◆ Prompt: From the line that includes "(if Nat.even n" to the last line of the records, inclusive, repeat each line exactly.

Entries supplied START

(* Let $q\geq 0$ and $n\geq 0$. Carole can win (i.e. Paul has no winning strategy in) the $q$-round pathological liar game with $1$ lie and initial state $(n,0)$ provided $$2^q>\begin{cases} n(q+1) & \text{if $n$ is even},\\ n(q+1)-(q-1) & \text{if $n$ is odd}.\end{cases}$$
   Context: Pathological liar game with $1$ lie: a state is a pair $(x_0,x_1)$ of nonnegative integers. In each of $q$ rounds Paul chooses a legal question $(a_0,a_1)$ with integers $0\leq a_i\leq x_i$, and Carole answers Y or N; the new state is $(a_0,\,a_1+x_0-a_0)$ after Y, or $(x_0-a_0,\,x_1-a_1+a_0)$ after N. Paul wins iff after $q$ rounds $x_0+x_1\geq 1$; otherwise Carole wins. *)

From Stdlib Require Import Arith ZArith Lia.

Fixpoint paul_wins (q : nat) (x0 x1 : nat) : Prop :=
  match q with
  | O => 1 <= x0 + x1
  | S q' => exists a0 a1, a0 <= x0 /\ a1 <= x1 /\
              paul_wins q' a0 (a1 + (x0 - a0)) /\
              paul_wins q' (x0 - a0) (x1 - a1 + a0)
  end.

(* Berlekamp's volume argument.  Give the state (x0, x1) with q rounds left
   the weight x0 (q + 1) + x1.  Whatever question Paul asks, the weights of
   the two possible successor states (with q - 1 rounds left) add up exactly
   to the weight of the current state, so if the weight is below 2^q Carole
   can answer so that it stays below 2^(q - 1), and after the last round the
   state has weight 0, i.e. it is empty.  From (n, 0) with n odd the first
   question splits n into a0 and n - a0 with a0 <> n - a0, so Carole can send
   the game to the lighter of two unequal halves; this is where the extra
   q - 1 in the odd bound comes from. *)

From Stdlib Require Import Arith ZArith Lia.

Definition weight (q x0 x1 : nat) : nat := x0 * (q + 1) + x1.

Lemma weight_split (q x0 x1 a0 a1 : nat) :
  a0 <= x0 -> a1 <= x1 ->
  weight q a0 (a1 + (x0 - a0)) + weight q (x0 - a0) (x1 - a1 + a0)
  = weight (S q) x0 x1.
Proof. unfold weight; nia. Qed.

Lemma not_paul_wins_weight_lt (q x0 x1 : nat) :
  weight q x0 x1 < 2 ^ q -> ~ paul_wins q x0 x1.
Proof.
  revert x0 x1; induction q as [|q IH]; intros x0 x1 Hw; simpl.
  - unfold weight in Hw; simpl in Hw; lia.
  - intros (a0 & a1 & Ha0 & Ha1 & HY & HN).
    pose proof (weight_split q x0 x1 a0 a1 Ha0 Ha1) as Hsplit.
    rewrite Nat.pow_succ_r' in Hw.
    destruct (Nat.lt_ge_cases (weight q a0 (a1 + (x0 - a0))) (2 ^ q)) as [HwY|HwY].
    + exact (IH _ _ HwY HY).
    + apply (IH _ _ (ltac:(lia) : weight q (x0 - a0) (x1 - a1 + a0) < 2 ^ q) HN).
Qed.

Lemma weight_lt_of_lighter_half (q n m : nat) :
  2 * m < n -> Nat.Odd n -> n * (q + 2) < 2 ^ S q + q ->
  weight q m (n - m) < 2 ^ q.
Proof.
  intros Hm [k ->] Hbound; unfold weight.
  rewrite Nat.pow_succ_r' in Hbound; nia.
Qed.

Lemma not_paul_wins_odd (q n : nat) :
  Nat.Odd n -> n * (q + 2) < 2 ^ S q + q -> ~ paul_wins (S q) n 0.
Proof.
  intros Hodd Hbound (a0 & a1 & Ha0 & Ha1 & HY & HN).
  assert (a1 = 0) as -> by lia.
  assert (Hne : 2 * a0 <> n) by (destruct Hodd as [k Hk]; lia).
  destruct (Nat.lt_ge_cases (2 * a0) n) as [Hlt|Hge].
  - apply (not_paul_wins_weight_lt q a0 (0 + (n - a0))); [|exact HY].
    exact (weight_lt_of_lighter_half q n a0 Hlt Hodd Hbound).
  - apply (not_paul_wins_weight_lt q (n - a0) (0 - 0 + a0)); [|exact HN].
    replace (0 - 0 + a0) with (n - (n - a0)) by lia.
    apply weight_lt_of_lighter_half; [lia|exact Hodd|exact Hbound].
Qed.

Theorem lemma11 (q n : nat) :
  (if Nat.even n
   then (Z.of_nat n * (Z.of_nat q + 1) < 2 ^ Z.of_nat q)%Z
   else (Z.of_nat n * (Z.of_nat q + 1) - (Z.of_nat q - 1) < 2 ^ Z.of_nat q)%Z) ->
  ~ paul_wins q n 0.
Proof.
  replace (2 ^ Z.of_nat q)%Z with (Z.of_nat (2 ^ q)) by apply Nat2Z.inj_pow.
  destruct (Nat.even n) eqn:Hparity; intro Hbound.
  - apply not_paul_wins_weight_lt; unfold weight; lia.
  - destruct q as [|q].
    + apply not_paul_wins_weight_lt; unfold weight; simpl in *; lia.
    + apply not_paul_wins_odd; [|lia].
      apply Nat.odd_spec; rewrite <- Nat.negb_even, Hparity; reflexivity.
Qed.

Entries supplied END

◆ Answer section:
  (if Nat.even n
   then (Z.of_nat n * (Z.of_nat q + 1) < 2 ^ Z.of_nat q)%Z
   else (Z.of_nat n * (Z.of_nat q + 1) - (Z.of_nat q - 1) < 2 ^ Z.of_nat q)%Z) ->
  ~ paul_wins q n 0.
Proof.
  replace (2 ^ Z.of_nat q)%Z with (Z.of_nat (2 ^ q)) by apply Nat2Z.inj_pow.
  destruct (Nat.even n) eqn:Hparity; intro Hbound.
  - apply not_paul_wins_weight_lt; unfold weight; lia.
  - destruct q as [|q].
    + apply not_paul_wins_weight_lt; unfold weight; simpl in *; lia.
    + apply not_paul_wins_odd; [|lia].
      apply Nat.odd_spec; rewrite <- Nat.negb_even, Hparity; reflexivity.
Qed.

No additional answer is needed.